= PROMPT =
Nothing outside the range is wanted. Repeat exactly the lines below from the one with "have -> : x" through the one with "(* [alpha ^+".

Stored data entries

______

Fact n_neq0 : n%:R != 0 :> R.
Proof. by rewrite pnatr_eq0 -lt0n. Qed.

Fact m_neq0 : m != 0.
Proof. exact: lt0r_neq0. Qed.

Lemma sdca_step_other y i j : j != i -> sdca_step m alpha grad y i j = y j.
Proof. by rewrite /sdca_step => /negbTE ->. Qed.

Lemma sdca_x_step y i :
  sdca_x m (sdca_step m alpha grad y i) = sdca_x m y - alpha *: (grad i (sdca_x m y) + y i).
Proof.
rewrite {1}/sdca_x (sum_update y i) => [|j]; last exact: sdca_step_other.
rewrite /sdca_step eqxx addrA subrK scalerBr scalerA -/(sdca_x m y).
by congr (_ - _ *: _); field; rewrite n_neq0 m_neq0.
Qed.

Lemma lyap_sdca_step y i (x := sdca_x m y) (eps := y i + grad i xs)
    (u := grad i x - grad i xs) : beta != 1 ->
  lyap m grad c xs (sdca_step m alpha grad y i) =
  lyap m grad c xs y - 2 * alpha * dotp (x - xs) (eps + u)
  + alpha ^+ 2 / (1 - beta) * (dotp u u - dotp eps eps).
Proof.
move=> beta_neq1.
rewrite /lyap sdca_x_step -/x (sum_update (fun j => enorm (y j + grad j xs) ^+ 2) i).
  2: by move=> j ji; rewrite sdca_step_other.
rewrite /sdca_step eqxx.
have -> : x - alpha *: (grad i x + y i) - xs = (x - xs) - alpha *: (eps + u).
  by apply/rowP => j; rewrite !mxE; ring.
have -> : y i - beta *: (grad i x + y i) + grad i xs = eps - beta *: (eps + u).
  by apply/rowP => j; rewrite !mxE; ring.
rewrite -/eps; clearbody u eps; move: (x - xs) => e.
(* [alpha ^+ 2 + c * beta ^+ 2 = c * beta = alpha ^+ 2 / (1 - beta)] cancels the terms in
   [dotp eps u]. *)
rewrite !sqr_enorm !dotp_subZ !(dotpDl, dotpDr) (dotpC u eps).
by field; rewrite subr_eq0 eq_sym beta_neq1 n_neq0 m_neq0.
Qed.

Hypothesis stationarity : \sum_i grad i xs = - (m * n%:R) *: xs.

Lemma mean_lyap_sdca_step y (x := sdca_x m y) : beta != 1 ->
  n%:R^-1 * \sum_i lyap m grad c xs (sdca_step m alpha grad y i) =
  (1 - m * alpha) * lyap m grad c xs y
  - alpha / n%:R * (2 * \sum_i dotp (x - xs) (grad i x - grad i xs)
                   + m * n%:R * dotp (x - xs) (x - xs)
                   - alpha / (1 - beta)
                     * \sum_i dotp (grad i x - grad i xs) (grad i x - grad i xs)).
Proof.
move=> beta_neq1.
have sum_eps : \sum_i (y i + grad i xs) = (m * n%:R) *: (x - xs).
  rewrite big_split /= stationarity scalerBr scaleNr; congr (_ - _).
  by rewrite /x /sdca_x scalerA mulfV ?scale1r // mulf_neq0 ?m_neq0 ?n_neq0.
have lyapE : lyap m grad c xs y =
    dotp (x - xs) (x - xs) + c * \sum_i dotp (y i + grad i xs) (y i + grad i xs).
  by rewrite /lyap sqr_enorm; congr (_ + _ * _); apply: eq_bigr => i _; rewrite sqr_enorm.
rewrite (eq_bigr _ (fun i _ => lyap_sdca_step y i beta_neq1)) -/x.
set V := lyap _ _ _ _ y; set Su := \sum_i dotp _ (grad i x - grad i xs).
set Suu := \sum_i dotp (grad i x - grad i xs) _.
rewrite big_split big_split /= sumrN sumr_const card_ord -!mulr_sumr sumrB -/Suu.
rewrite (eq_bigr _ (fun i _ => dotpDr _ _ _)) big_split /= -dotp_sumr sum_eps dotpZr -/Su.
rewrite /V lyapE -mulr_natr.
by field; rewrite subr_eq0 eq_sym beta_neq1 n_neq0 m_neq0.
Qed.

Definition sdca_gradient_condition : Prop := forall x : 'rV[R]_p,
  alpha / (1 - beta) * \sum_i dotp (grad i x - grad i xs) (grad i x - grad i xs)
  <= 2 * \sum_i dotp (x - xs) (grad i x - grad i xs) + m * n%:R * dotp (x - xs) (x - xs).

______

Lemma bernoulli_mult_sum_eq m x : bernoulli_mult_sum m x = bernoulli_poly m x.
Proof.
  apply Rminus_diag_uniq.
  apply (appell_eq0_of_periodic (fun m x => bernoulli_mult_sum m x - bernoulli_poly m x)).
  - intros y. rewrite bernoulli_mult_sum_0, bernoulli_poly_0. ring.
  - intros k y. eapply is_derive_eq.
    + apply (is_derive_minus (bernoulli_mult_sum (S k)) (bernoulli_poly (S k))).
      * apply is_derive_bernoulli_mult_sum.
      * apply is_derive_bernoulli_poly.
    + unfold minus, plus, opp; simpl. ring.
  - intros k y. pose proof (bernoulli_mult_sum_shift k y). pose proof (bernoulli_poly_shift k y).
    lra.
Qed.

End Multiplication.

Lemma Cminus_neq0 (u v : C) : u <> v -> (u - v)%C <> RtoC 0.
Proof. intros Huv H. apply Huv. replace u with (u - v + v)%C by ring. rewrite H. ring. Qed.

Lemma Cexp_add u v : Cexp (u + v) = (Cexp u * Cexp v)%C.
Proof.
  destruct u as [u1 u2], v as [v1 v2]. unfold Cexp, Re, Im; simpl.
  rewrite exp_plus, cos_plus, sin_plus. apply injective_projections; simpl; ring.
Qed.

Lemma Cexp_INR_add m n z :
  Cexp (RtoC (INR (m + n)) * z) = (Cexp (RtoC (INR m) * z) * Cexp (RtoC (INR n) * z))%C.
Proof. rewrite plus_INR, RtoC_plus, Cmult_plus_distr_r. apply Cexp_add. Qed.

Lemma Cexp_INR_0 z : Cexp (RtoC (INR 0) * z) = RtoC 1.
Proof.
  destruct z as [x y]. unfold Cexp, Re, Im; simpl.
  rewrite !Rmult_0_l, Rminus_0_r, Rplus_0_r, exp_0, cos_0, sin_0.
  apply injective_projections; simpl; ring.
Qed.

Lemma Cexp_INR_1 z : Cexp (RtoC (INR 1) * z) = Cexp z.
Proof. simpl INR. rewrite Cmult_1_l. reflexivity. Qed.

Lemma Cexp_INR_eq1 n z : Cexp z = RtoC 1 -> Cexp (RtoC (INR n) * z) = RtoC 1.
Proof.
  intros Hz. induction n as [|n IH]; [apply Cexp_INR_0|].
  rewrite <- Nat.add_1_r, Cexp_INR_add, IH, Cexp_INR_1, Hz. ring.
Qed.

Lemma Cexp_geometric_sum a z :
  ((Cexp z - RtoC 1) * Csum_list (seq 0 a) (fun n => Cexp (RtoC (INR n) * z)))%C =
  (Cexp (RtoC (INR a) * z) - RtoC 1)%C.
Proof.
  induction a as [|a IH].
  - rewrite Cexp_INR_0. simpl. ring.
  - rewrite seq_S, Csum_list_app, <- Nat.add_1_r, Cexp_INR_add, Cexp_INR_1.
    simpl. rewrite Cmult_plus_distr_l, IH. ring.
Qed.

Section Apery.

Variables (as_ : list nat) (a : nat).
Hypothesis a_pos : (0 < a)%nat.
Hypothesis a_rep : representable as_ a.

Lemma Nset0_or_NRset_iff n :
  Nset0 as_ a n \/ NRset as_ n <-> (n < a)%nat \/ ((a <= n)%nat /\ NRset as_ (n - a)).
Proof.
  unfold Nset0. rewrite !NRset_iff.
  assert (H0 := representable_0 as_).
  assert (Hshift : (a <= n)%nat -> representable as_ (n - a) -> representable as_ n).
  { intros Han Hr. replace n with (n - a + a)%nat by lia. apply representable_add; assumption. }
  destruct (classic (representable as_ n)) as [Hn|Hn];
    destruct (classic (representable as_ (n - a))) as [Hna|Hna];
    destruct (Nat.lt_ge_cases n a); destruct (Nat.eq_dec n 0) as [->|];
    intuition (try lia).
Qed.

______

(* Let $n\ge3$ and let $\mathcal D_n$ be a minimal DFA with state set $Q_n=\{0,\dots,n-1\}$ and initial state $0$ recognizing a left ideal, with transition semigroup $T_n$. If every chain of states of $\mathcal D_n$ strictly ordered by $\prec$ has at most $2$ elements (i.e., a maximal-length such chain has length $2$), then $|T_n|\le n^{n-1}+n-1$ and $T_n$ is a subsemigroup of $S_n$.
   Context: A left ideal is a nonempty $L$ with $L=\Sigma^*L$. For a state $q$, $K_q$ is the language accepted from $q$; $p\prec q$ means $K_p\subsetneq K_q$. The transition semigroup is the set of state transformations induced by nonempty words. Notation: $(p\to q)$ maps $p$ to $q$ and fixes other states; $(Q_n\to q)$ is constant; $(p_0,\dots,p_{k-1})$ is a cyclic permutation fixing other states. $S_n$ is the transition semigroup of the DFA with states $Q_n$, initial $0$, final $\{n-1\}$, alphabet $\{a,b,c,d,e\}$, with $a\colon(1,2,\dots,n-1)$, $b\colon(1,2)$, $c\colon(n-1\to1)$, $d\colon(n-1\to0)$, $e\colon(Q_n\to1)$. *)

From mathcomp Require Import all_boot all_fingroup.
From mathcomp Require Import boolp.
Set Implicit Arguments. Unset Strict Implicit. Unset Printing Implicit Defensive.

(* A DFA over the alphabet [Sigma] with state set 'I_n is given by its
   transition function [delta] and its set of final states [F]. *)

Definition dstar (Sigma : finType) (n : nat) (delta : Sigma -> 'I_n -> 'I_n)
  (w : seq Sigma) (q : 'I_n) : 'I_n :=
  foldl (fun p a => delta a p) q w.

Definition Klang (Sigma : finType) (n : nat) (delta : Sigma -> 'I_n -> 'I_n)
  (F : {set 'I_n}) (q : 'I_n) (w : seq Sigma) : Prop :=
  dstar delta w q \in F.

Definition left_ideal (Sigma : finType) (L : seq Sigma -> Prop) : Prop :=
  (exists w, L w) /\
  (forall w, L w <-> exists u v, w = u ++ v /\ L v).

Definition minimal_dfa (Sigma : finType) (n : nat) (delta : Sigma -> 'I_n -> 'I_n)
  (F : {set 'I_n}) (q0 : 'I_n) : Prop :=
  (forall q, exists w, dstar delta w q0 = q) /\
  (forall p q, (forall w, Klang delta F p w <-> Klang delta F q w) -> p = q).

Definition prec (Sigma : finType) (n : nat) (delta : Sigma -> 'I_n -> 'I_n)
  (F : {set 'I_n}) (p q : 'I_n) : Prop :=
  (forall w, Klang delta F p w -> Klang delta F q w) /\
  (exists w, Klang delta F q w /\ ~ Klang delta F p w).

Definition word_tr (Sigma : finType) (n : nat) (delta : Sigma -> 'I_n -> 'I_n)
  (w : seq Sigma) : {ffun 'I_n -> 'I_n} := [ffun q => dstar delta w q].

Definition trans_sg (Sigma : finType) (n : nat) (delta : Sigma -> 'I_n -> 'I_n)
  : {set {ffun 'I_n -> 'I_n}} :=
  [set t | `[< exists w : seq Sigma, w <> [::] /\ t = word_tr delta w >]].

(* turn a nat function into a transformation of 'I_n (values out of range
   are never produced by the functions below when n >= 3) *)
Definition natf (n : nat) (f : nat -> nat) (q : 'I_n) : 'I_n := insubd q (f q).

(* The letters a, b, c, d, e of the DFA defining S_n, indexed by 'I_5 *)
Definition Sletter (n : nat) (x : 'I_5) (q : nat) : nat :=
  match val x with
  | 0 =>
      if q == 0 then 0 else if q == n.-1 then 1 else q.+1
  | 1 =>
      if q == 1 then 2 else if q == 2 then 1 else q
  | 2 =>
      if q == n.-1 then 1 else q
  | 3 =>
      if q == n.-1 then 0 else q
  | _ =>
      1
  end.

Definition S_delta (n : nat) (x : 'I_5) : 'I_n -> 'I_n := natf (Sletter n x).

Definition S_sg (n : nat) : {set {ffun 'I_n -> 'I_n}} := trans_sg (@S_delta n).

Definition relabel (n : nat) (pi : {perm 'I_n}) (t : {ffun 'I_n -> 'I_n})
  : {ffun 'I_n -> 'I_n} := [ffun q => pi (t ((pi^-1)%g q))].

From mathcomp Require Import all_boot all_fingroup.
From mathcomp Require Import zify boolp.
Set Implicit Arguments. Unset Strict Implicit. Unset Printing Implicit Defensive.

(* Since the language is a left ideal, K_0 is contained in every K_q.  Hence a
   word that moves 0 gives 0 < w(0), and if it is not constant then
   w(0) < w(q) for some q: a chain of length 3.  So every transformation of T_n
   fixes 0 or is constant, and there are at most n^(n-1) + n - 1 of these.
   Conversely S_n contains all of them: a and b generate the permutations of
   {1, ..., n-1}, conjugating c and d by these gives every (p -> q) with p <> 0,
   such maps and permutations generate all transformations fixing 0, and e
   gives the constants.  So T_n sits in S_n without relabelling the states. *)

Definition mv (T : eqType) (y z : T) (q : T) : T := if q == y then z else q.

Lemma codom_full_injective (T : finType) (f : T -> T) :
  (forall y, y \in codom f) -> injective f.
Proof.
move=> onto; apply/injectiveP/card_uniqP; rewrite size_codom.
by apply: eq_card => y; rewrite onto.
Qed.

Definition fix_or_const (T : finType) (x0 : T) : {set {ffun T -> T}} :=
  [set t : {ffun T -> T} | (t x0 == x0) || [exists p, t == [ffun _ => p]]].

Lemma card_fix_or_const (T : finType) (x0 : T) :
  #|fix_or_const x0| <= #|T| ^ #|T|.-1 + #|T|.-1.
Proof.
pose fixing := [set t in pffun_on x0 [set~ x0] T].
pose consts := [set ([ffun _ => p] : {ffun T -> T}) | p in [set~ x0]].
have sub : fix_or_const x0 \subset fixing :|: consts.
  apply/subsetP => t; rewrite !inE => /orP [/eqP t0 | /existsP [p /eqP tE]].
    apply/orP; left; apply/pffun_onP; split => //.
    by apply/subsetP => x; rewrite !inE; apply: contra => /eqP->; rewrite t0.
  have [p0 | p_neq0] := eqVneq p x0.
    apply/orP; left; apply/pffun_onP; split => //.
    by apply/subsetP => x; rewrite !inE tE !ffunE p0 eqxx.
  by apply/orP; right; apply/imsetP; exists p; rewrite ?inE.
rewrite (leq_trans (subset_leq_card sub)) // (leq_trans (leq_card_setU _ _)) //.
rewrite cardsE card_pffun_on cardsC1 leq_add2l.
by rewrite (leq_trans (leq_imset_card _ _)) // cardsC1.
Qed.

______

= RESULT FOR THIS TASK =
have -> : x - alpha *: (grad i x + y i) - xs = (x - xs) - alpha *: (eps + u).
  by apply/rowP => j; rewrite !mxE; ring.
have -> : y i - beta *: (grad i x + y i) + grad i xs = eps - beta *: (eps + u).
  by apply/rowP => j; rewrite !mxE; ring.
rewrite -/eps; clearbody u eps; move: (x - xs) => e.
(* [alpha ^+ 2 + c * beta ^+ 2 = c * beta = alpha ^+ 2 / (1 - beta)] cancels the terms in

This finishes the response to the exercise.